=== Information given ===
Lemma fan_cover x : exists j, (j < r)%nat /\ in_cone r n j x.
Proof.
  destruct (classic (x = (0, 0))) as [->|Hx].
  - exists 0%nat; split; [exact r_pos|]; exists 0, 0; repeat split; try lra; f_equal; ring.
  - destruct (polar_exists x Hx) as (s & t & Hs & ->).
    destruct (angle_reduce (ray_arg 0) t) as (k & Hk); rewrite <- ray_arg_r in Hk.
    destruct (interval_index ray_arg r _ Hk) as (j & Hj & Hjt).
    exists j; split; [exact Hj|]; apply in_cone_polar; eauto.
Qed.

Lemma sectors_meet i j (d : Z) t1 t2 :
  (i < j)%nat -> (j < r)%nat ->
  ray_arg i <= t1 <= ray_arg (S i) -> ray_arg j <= t2 <= ray_arg (S j) ->
  t2 = t1 + 2 * IZR d * PI ->
  (S i = j /\ t2 = ray_arg j) \/ (i = 0%nat /\ S j = r /\ t1 = ray_arg i).
Proof.
  intros Hij Hj H1 H2 Ht; pose proof PI_RGT_0 as Hpi.
  assert (Hsi : ray_arg (S i) <= ray_arg j) by (apply ray_arg_le_iff; lia).
  destruct (ray_arg_range i ltac:(lia)), (ray_arg_range (S j) ltac:(lia)).
  assert (Hd : (0 <= d <= 1)%Z) by (split; apply le_IZR; nra).
  destruct (Z.eq_dec d 0) as [->|Hd0].
  - left; assert (Heq : ray_arg (S i) = ray_arg j) by lra.
    assert (S i <= j /\ j <= S i)%nat as [] by (split; apply ray_arg_le_iff; lra || lia).
    split; [lia | lra].
  - replace d with 1%Z in Ht by lia; right.
    assert (Hi0 : ray_arg i <= ray_arg 0) by lra.
    assert (Hr : ray_arg r <= ray_arg (S j)) by (rewrite ray_arg_r; lra).
    apply ray_arg_le_iff in Hi0, Hr; try lia.
    assert (i = 0%nat) as -> by lia; repeat split; [lia | lra].
Qed.

Lemma rdet_ray_zero j s t (k : Z) :
  (j < r)%nat -> t + 2 * IZR k * PI = ray_arg j -> rdet (toR2 (n j)) (polar s t) = 0.
Proof.
  intros Hj Ht; rewrite rdet_ray_polar by exact Hj.
  replace (t - ray_arg j) with (0 + 2 * IZR (- k) * PI) by (rewrite opp_IZR; lra).
  rewrite sin_period_Z, sin_0; ring.
Qed.

Lemma fan_cones_meet i j x :
  x <> (0, 0) -> (i < r)%nat -> (j < r)%nat -> in_cone r n i x -> in_cone r n j x ->
  i = j \/ (j = nxt r i /\ rdet (toR2 (n j)) x = 0) \/ (i = nxt r j /\ rdet (toR2 (n i)) x = 0).
Proof.
  intros Hx Hi Hj Hci Hcj; destruct (polar_exists x Hx) as (s & t & Hs & ->).
  apply in_cone_polar in Hci as (ki & Hki); auto; apply in_cone_polar in Hcj as (kj & Hkj); auto.
  assert (Hmeet : forall i j ki kj, (i < j)%nat -> (j < r)%nat ->
            ray_arg i <= t + 2 * IZR ki * PI <= ray_arg (S i) ->
            ray_arg j <= t + 2 * IZR kj * PI <= ray_arg (S j) ->
            (j = nxt r i /\ rdet (toR2 (n j)) (polar s t) = 0) \/
            (i = nxt r j /\ rdet (toR2 (n i)) (polar s t) = 0)).
  { clear i j Hi Hj ki kj Hki Hkj; intros i j ki kj Hij Hj Hki Hkj.
    destruct (sectors_meet i j (kj - ki) _ _ Hij Hj Hki Hkj) as [[Hs' Ht] | (-> & Hs' & Ht)].
    - rewrite minus_IZR; ring.
    - left; split; [rewrite nxt_small; lia|]; eapply rdet_ray_zero; eauto.
    - right; split; [rewrite nxt_last; auto|]; eapply rdet_ray_zero; eauto; lia. }
  destruct (lt_eq_lt_dec i j) as [[Hij | <-] | Hji]; auto; right.
  - apply (Hmeet i j ki kj); auto.
  - destruct (Hmeet j i kj ki) as [H | H]; auto.
Qed.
===
▸ **Problem statement**
From the first line of the data through the line with "destruct (angle_reduce (ray_arg", quote each line exactly and add nothing else.

▸ **Solution to this task**
Lemma fan_cover x : exists j, (j < r)%nat /\ in_cone r n j x.
Proof.
  destruct (classic (x = (0, 0))) as [->|Hx].
  - exists 0%nat; split; [exact r_pos|]; exists 0, 0; repeat split; try lra; f_equal; ring.
  - destruct (polar_exists x Hx) as (s & t & Hs & ->).
    destruct (angle_reduce (ray_arg 0) t) as (k & Hk); rewrite <- ray_arg_r in Hk.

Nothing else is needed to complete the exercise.